Lemma fundamental_arc_cover kappa c : (1 <= kappa)%nat ->
  heq (Nat.iter kappa T) (fun x => x) ->
  forall y, exists j w, (j < kappa)%nat /\ c <= w < c + disp c /\
    ceq y (Nat.iter j T w).
Proof.
  intros Hk Hper y.
  destruct (frac_exists (y - c)) as [k Hk'].
  set (y' := y + IZR k).
  assert (Hy'lt : y' < orbit_seq c kappa).
  { (* orbit_seq c kappa is a lift of c lying strictly above c, hence >= c + 1 *)
    destruct (ceq_trans _ _ _ (orbit_seq_ceq c kappa) (Hper c)) as [N HN].
    pose proof (orbit_seq_gt c kappa Hk).
    assert (HN1 : (N <= -1)%Z).
    { assert (IZR N < IZR 0) by (simpl; lra). apply lt_IZR in H0. lia. }
    apply IZR_le in HN1. simpl in HN1. unfold y'. lra. }
  destruct (orbit_seq_find c y' kappa ltac:(unfold y'; lra) Hy'lt)
    as [j [Hj [Hs1 Hs2]]].
  destruct (orbit_seq_arc_image c j) as [Q [HQ [HQT [HQc HQe]]]].
  pose proof (disp_bounds c).
  destruct (continuous_attains Q c (c + disp c) y') as [w [Hw Hw']];
    [apply HQ | lra | lra |].
  assert (Hwe : w < c + disp c).
  { destruct Hw as [_ [Hw|Hw]]; auto. subst w. lra. }
  exists j, w. split; [exact Hj|]. split; [lra|].
  apply ceq_trans with y'; [apply ceq_shift|].
  rewrite <- Hw'. apply HQT.
Qed.

End FundamentalArc.

(** * Groups of circle homeomorphisms *)

Lemma subgroup_shift G F (k : Z) : is_subgroup G -> G F -> G (fun x => F x + IZR k).
Proof.
  intros (Glift & _ & _ & _ & Gheq) GF.
  apply (Gheq F); [exact GF | apply shift_lift, Glift, GF | intro x; apply ceq_shift].
Qed.

(* In a minimal group, a contractible interval [b, b + m] can be sent by a
   group element into any ball of the line: contract it, then use a dense
   orbit through an accumulation point of the contracted intervals. *)
Lemma contractible_into_ball G b m q r : is_subgroup G -> minimal G ->
  contractible G b m -> 0 <= m -> 0 < r ->
  exists H, G H /\ forall x, b <= x <= b + m -> Rabs (H x - q) < r.
Proof.
  intros HG Hmin [g [Gg Hcv]] Hm Hr.
  pose proof HG as (Glift & _ & Gcomp & _ & _).
  set (u := fun n => g n b + IZR (1 - up (g n b))).
  destruct (Bolzano_Weierstrass u (fun x => 0 <= x <= 1) (compact_P3 0 1)) as [p Hadh].
  { intros n. unfold u. rewrite minus_IZR. destruct (archimed (g n b)). simpl. lra. }
  destruct (Hmin p q (r / 2) ltac:(lra)) as [F [k [GF HFp]]].
  destruct (Glift F GF) as [CF _].
  destruct (CF p (r / 2) ltac:(lra)) as [del [Hdel Hd]].
  destruct (Hcv (del / 2) ltac:(lra)) as [N HN].
  destruct (Hadh (disc p (mkposreal (del / 2) ltac:(lra))) N) as [n [Hn Hun]].
  { exists (mkposreal (del / 2) ltac:(lra)). intros ? ?; auto. }
  unfold disc in Hun. simpl in Hun.
  specialize (HN n Hn). unfold R_dist in HN. rewrite Rminus_0_r in HN.
  set (j := (1 - up (g n b))%Z).
  exists (fun x => F (g n x) + IZR (j - k)). split.
  { apply subgroup_shift; [exact HG | apply Gcomp; auto]. }
  intros x Hx.
  assert (Hg := Glift _ (Gg n)).
  assert (g n b <= g n x) by (apply lift_le; auto; lra).
  assert (g n x <= g n (b + m)) by (apply lift_le; auto; lra).
  rewrite Rabs_right in HN by lra.
  (* g n x, moved by j turns, is within del of the accumulation point p *)
  assert (Hz : Rabs (g n x + IZR j - p) < del).
  { unfold u in Hun. fold j in Hun. apply Rabs_def2 in Hun. apply Rabs_def1; lra. }
  assert (HFz : Rabs (F (g n x + IZR j) - F p) < r / 2).
  { destruct (Req_dec (g n x + IZR j) p) as [E|E].
    - rewrite E, Rminus_diag, Rabs_R0. lra.
    - apply (Hd (g n x + IZR j)). split; [split; [constructor | auto] | exact Hz]. }
  rewrite lift_Z in HFz by (apply Glift; auto).
  rewrite minus_IZR. apply Rabs_def2 in HFz. apply Rabs_def2 in HFp. apply Rabs_def1; lra.
Qed.

Lemma comm_iter T H : is_lift T -> is_lift H ->
  (forall x, ceq (T (H x)) (H (T x))) ->
  forall j x, ceq (H (Nat.iter j T x)) (Nat.iter j T (H x)).
Proof.
  intros HT HH Hc j. induction j as [|j IH]; intro x; simpl.
  - apply ceq_refl.
  - eapply ceq_trans; [apply ceq_sym, Hc | apply ceq_lift; auto].
Qed.

(** * The union of the interiors of theta^j(I_0) *)

Lemma union_ceq T kappa a l y y' :
  ceq y y' -> in_union_int T kappa a l y -> in_union_int T kappa a l y'.
Proof.
  intros Hc (j & t & Hj & Ht & Hy). exists j, t. split; [exact Hj | split; [exact Ht|]].
  eapply ceq_trans; [apply ceq_sym, Hc | exact Hy].
Qed.

Lemma in_union_iter T kappa a l j z y : (1 <= kappa)%nat ->
  heq (Nat.iter kappa T) (fun x => x) -> (j <= kappa)%nat ->
  a < z < a + l -> ceq y (Nat.iter j T z) -> in_union_int T kappa a l y.
Proof.
  intros Hk Hper Hj Hz Hy.
  destruct (Nat.eq_dec j kappa) as [Ej|Ej].
  - exists 0%nat, (z - a). split; [lia | split; [lra|]].
    simpl. replace (a + (z - a)) with z by ring.
    eapply ceq_trans; [exact Hy | subst; apply Hper].
  - exists j, (z - a). split; [lia | split; [lra|]].
    replace (a + (z - a)) with z by ring. exact Hy.
Qed.

(* Let [c, c + disp c[ be the arc from c to T c and let
   e = T c' + k be the lift of T c' in it, with c' <= c both interior to I_0.
   If h commutes with T and sends [c, e] into Int(I_0), then h sends every
   point outside the union of the interiors into that union: points of
   T^j([c, e]) go to T^j(h [c, e]), and T^j(]e, c + disp c[) = T^(j+1)(]c', c[)
   is already inside the union. *)
Lemma complement_into_union T kappa a l h c' c k : is_lift T -> (1 <= kappa)%nat ->
  heq (Nat.iter kappa T) (fun x => x) -> is_lift h ->
  (forall x, ceq (T (h x)) (h (T x))) ->
  a < c' <= c -> c < a + l -> T c + IZR k = c + disp T c ->
  (forall x, c <= x <= T c' + IZR k -> a < h x < a + l) ->
  forall y, ~ in_union_int T kappa a l y -> in_union_int T kappa a l (h y).
Proof.
  intros HT Hk Hper Hh Hcomm Hc' Hc Hk_spec Hhce y Hny.
  destruct (fundamental_arc_cover T HT kappa c Hk Hper y) as (j & w & Hj & Hw & Hyw).
  destruct (Rle_lt_dec w (T c' + IZR k)) as [Hwe|Hwe].
  - apply (in_union_iter T kappa a l j (h w)); auto; [lia | apply Hhce; lra |].
    eapply ceq_trans; [apply ceq_lift; [exact Hh | exact Hyw]|].
    apply comm_iter; auto.
  - exfalso. apply Hny.
    destruct (continuous_attains (fun x => T x + IZR k) c' c w) as [z [Hz Hz']];
      [apply shift_lift; exact HT | lra | lra |].
    apply (in_union_iter T kappa a l (S j) z); auto; [lra|].
    eapply ceq_trans; [exact Hyw|]. rewrite Nat.iter_succ_r.
    apply ceq_lift; [apply iter_lift; auto | rewrite <- Hz'; apply ceq_sym, ceq_shift].
Qed.

(* theta does not send a point of I_0 = [a, a + l] back onto a later point
   of I_0: for s < t, the lift of T (a + s) in the arc [a + t, T (a + t)[
   lies strictly above a + t. *)
Lemma image_gap T kappa a l s t : is_lift T -> (1 <= kappa)%nat ->
  heq (Nat.iter kappa T) (fun x => x) ->
  (forall i j s t, (i < kappa)%nat -> (j < kappa)%nat -> i <> j ->
     0 <= s <= l -> 0 <= t <= l -> ~ ceq (Nat.iter i T (a + s)) (Nat.iter j T (a + t))) ->
  0 < l < 1 -> 0 <= s < t -> t <= l ->
  a + t < T (a + s) + IZR (up (a + t - T (a + t))).
Proof.
  intros HT Hk Hper Hdisj Hl Hs Ht.
  set (U := up (a + t - T (a + t))).
  destruct (Rlt_le_dec (a + t) (T (a + s) + IZR U)) as [Hlt|Hge]; [exact Hlt | exfalso].
  pose proof (disp_spec T (a + t)) as Hspec. pose proof (disp_bounds T (a + t)).
  fold U in Hspec.
  (* some z in [a + s, a + t] is sent by T onto a + t *)
  destruct (continuous_attains (fun x => T x + IZR U) (a + s) (a + t) (a + t))
    as [z [Hz Hz']].
  { apply shift_lift; exact HT. }
  { lra. }
  { lra. }
  assert (Hzc : ceq (T z) (a + t)) by (rewrite <- Hz'; apply ceq_shift).
  destruct (Nat.eq_dec kappa 1) as [Hk1|Hk1].
  - subst kappa. assert (Hz1 := Hper z). simpl in Hz1.
    assert (Hza : z = a + t).
    { apply ceq_close; [eapply ceq_trans; [apply ceq_sym, Hz1 | exact Hzc]|].
      apply Rabs_def1; lra. }
    subst z. lra.
  - apply (Hdisj 1%nat 0%nat (z - a) t); try lia; try lra.
    simpl. replace (a + (z - a)) with z by ring. exact Hzc.
Qed.

Theorem corollary2p7
  (G : (R -> R) -> Prop) (T : R -> R) (kappa : nat) (a l : R)
  (HG : is_subgroup G)
  (Hmin : minimal G)
  (Hnomeas : ~ exists mu, prob_measure mu /\ invariant_measure G mu)
  (HT : is_lift T)
  (Hper : (1 <= kappa)%nat /\ heq (Nat.iter kappa T) (fun x => x) /\
          forall n, (1 <= n < kappa)%nat -> ~ heq (Nat.iter n T) (fun x => x))
  (Hcomm : forall F, G F -> heq (fun x => T (F x)) (fun x => F (T x)))
  (Hcontr : forall x d, 0 < d <= 1 -> ceq (T x) (x + d) ->
     forall b m, 0 < m < 1 -> (forall t, 0 <= t <= m -> in_arc_co x d (b + t)) ->
     contractible G b m)
  (Hl : 0 < l < 1)
  (Hdisj : forall i j s t, (i < kappa)%nat -> (j < kappa)%nat -> i <> j ->
     0 <= s <= l -> 0 <= t <= l -> ~ ceq (Nat.iter i T (a + s)) (Nat.iter j T (a + t))) :
  exists h, G h /\
    (exists y, ceq (h y) y) /\
    (forall y, ceq (h y) y -> in_union_int T kappa a l y) /\
    (forall y, ~ in_union_int T kappa a l y -> in_union_int T kappa a l (h y)).
Proof.
  destruct Hper as [Hk [Hpk _]].
  set (c' := a + l / 4). set (c := a + l / 2).
  set (U := up (c - T c)). set (d := disp T c). set (e := T c' + IZR U).
  pose proof (disp_bounds T c) as Hd. fold d in Hd.
  assert (HTc : T c + IZR U = c + d) by apply disp_spec.
  assert (Hce : c < e) by (apply (image_gap T kappa a l (l / 4) (l / 2)); auto; lra).
  assert (Hed : e < c + d).
  { assert (T c' < T c) by (apply HT; unfold c', c; lra). unfold e. lra. }
  assert (Hcontr_ce : contractible G c (e - c)).
  { apply (Hcontr c d Hd); [rewrite <- HTc; apply ceq_shift | lra |].
    intros t Ht. exists 0%Z. simpl. lra. }
  set (m := Rmin e (a + l)).
  assert (Hm : c < m <= e /\ m <= a + l).
  { unfold m. split; [split|]; [apply Rmin_case; unfold c in *; lra | apply Rmin_l | apply Rmin_r]. }
  destruct (contractible_into_ball G c (e - c) ((c + m) / 2) ((m - c) / 2)
              HG Hmin Hcontr_ce ltac:(lra) ltac:(lra)) as [h [Gh Hh]].
  assert (Hhce : forall x, c <= x <= e -> c < h x < m).
  { intros x Hx. specialize (Hh x ltac:(lra)). apply Rabs_def2 in Hh. lra. }
  assert (Hhlift : is_lift h) by (apply HG; exact Gh).
  assert (Hout : forall y, ~ in_union_int T kappa a l y -> in_union_int T kappa a l (h y)).
  { apply (complement_into_union T kappa a l h c' c U); auto; [|unfold c', c; lra|unfold c; lra|].
    - intro x. apply (Hcomm h Gh x).
    - intros x Hx. pose proof (Hhce x Hx). unfold c in *; lra. }
  exists h. split; [exact Gh | split; [|split; [|exact Hout]]].
  - destruct (fixed_point_in_interval h c e) as [z [_ Hz]];
      [apply Hhlift | lra | pose proof (Hhce c); lra | pose proof (Hhce e); lra |].
    exists z. rewrite Hz. apply ceq_refl.
  - (* a fixed point outside the union would be sent into the union *)
    intros y Hy. destruct (classic (in_union_int T kappa a l y)) as [Hu|Hu]; [exact Hu|].
    apply (union_ceq _ _ _ _ (h y)); [exact Hy | apply Hout, Hu].
Qed.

# What to do:
Out of the data above, transcribe exactly and only the lines starting with the line that has "(Hper : (1 <= kappa)%nat" and going on through the line that has "assert (Hhlift : is_lift", both included.

# Task output:
  (Hper : (1 <= kappa)%nat /\ heq (Nat.iter kappa T) (fun x => x) /\
          forall n, (1 <= n < kappa)%nat -> ~ heq (Nat.iter n T) (fun x => x))
  (Hcomm : forall F, G F -> heq (fun x => T (F x)) (fun x => F (T x)))
  (Hcontr : forall x d, 0 < d <= 1 -> ceq (T x) (x + d) ->
     forall b m, 0 < m < 1 -> (forall t, 0 <= t <= m -> in_arc_co x d (b + t)) ->
     contractible G b m)
  (Hl : 0 < l < 1)
  (Hdisj : forall i j s t, (i < kappa)%nat -> (j < kappa)%nat -> i <> j ->
     0 <= s <= l -> 0 <= t <= l -> ~ ceq (Nat.iter i T (a + s)) (Nat.iter j T (a + t))) :
  exists h, G h /\
    (exists y, ceq (h y) y) /\
    (forall y, ceq (h y) y -> in_union_int T kappa a l y) /\
    (forall y, ~ in_union_int T kappa a l y -> in_union_int T kappa a l (h y)).
Proof.
  destruct Hper as [Hk [Hpk _]].
  set (c' := a + l / 4). set (c := a + l / 2).
  set (U := up (c - T c)). set (d := disp T c). set (e := T c' + IZR U).
  pose proof (disp_bounds T c) as Hd. fold d in Hd.
  assert (HTc : T c + IZR U = c + d) by apply disp_spec.
  assert (Hce : c < e) by (apply (image_gap T kappa a l (l / 4) (l / 2)); auto; lra).
  assert (Hed : e < c + d).
  { assert (T c' < T c) by (apply HT; unfold c', c; lra). unfold e. lra. }
  assert (Hcontr_ce : contractible G c (e - c)).
  { apply (Hcontr c d Hd); [rewrite <- HTc; apply ceq_shift | lra |].
    intros t Ht. exists 0%Z. simpl. lra. }
  set (m := Rmin e (a + l)).
  assert (Hm : c < m <= e /\ m <= a + l).
  { unfold m. split; [split|]; [apply Rmin_case; unfold c in *; lra | apply Rmin_l | apply Rmin_r]. }
  destruct (contractible_into_ball G c (e - c) ((c + m) / 2) ((m - c) / 2)
              HG Hmin Hcontr_ce ltac:(lra) ltac:(lra)) as [h [Gh Hh]].
  assert (Hhce : forall x, c <= x <= e -> c < h x < m).
  { intros x Hx. specialize (Hh x ltac:(lra)). apply Rabs_def2 in Hh. lra. }
  assert (Hhlift : is_lift h) by (apply HG; exact Gh).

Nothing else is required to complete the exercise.